The job was a lot of fun, but hardly a long-term career. After a year of touring college campuses, Julie was ready to settle down. She picked the DC area over Seattle and once again packed up her car for the cross-country drive. In DC, she quickly landed a gig on Arthur Andersen’s HR and Recruiting team, where she helped run an audit program for their interns. She remained there for about two and a half years before getting restless. Her job was stable and secure, but Arthur Andersen was huge, and she didn’t want to be pigeonholed into a role so early on. She departed and took a job at a small non-profit, where she took on all the HR work.
This was also a great learning opportunity, but ultimately Julie decided she was a bit too fast-paced for the relative calm of the non-profit world. By then it was the late 1990s and she jumped to a technology company when the dot com boom was at its zenith. “It was an employee-owned company so it was fascinating to get experience with a company like that,” Julie describes. “After that, I spent seven years at Grant Thornton which was the last in-house job I had.”
Julie was a Human Resources Manager at Grant Thornton, an accounting, audit, and tax advisory firm. It was stable and was a great job, but she was ambitious for more. “I didn’t have the upward mobility I wanted,” she explains. “I felt like having a government contractor on my resume would really help since there are so many government contractors in the DC area. I was being recruited by a large government contractor and felt like it was time to check that box. But the universe had a way of checking me!”
On September 22, 2001, just two weeks after the 9/11 tragedies, Julie and Greg were married. “He’s been my biggest supporter through everything,” Julie glows. “He always sees the bright side of things; when we found out we were having twins he was the one who had the attitude that ‘this is the best thing ever; two for one!’ My feeling was one of that ‘you have no idea what you’re talking about.’ But I would never have had the courage to start my business without his support and encouragement.”
Julie has come a long way since she accepted the phone call that would change the course of her life. Showcasing the trademark resilience and flexibility passed down to her by her mother, today she’s a successful business owner with the confidence and leadership skills to guide an entire team. As a leader, she emphasizes collaboration. “I like to understand where someone’s coming from when I’m leading,” she says. “I also feel like I’m very intuitive, and I appreciate the importance of servant leadership. We need to make sure we’re walking with our team and giving them the respect and admiration they deserve. I always give my consultants the opportunity to meet the clients before any engagement is considered. I want them to have buy-in. That’s the type of leader I am.”

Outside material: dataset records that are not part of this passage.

Lemma mpoly_restrict_line (p : {mpoly R[n]}) (w : 'I_n -> R) :
  exists r : {poly R}, (size r <= msize p)%N /\ forall t, p.@[fun s => t * w s] = r.[t].
Proof.
exists (\sum_(m <- msupp p) (p@_m * \prod_i w i ^+ m i) *: 'X^(mdeg m)); split.
  apply: leq_trans (size_sum _ _ _) _; apply/bigmax_leqP_seq => m mp _.
  by apply: leq_trans (size_scale_leq _ _) _; rewrite size_polyXn msize_mdeg_lt.
move=> t; rewrite mevalE horner_sum; apply: eq_bigr => m _.
rewrite hornerZ hornerXn -mulrA; congr (_ * _).
rewrite (eq_bigr (fun i => t ^+ m i * w i ^+ m i)) => [|i _]; last by rewrite exprMn.
by rewrite big_split /= prodrXr mdegE mulrC.
Qed.

End PexprMpoly.

Lemma poly_horner_inj (R : numDomainType) (r s : {poly R}) :
  (forall t, r.[t] = s.[t]) -> r = s.
Proof.
move=> h; apply/eqP; rewrite -subr_eq0; apply/negPn/negP => nz.
have roots : all (root (r - s)) [seq i%:R | i <- iota 0 (size (r - s))].
  by apply/allP => x /mapP [i _ ->]; rewrite /root hornerD hornerN h subrr.
have uniq_nat : uniq [seq (i%:R : R) | i <- iota 0 (size (r - s))].
  by rewrite map_inj_uniq ?iota_uniq // => a b /eqP; rewrite eqr_nat => /eqP.
by move: (max_poly_roots nz roots uniq_nat); rewrite size_map size_iota ltnn.
Qed.

Lemma unitmx_minor2 (R : fieldType) (n : nat) (M : 'M[R]_n) (a b : 'I_n) :
  a != b -> M \in unitmx -> exists i j, M i a * M j b - M i b * M j a != 0.
Proof.
move=> ab uM.
have inj (v : 'cV[R]_n) : M *m v = 0 -> v = 0.
  by move=> Mv; rewrite -(mulKmx uM v) Mv mulmx0.
have [j Mja] : exists j, M j a != 0.
  apply/existsP; apply: contraT => /existsPn Ma0.
  have : M *m (delta_mx a 0 : 'cV[R]_n) = 0.
    by rewrite -colE; apply/matrixP => i k; rewrite !mxE; apply/eqP/negbNE/Ma0.
  move/inj/(congr1 (fun N : 'cV[R]_n => N a 0)).
  by rewrite !mxE !eqxx => /eqP; rewrite oner_eq0.
suff [i Mij] : exists i, M i a * M j b - M i b * M j a != 0 by exists i, j.
apply/existsP; apply: contraT => /existsPn minors0.
have : M *m ((delta_mx b 0 : 'cV[R]_n) - (M j b / M j a) *: delta_mx a 0) = 0.
  apply/matrixP => i k; rewrite mulmxBr -scalemxAr -!colE !mxE.
  move/negPn: (minors0 i); rewrite subr_eq0 => /eqP eq_i.
  by rewrite mulrAC [M j b * _]mulrC eq_i mulfK // subrr.
move/inj/(congr1 (fun N : 'cV[R]_n => N b 0)).
have ba : b != a by rewrite eq_sym.
by rewrite !mxE !eqxx (negPf ba) mulr0 subr0 => /eqP; rewrite oner_eq0.
Qed.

To young people entering the working world today, her advice is simple: “Put the phone down!” she laughs. “Have conversations with people. Getting business done is very relationship based, and I’ve built my business by making it a priority to go out and meet people who are different and who do different things than I do. Find your commonalities but be able to enter a room and meet someone—a future friend who you don’t know yet.”
She also advises taking risks and surrounding yourself with people who have your back. “Find those five or six people who will be your champions,” she encourages. “My former professor at Marymount University and some of my former bosses are people that were all instrumental to my success. Find your network and the people who are going to rally around you because this is certainly not a solo journey.”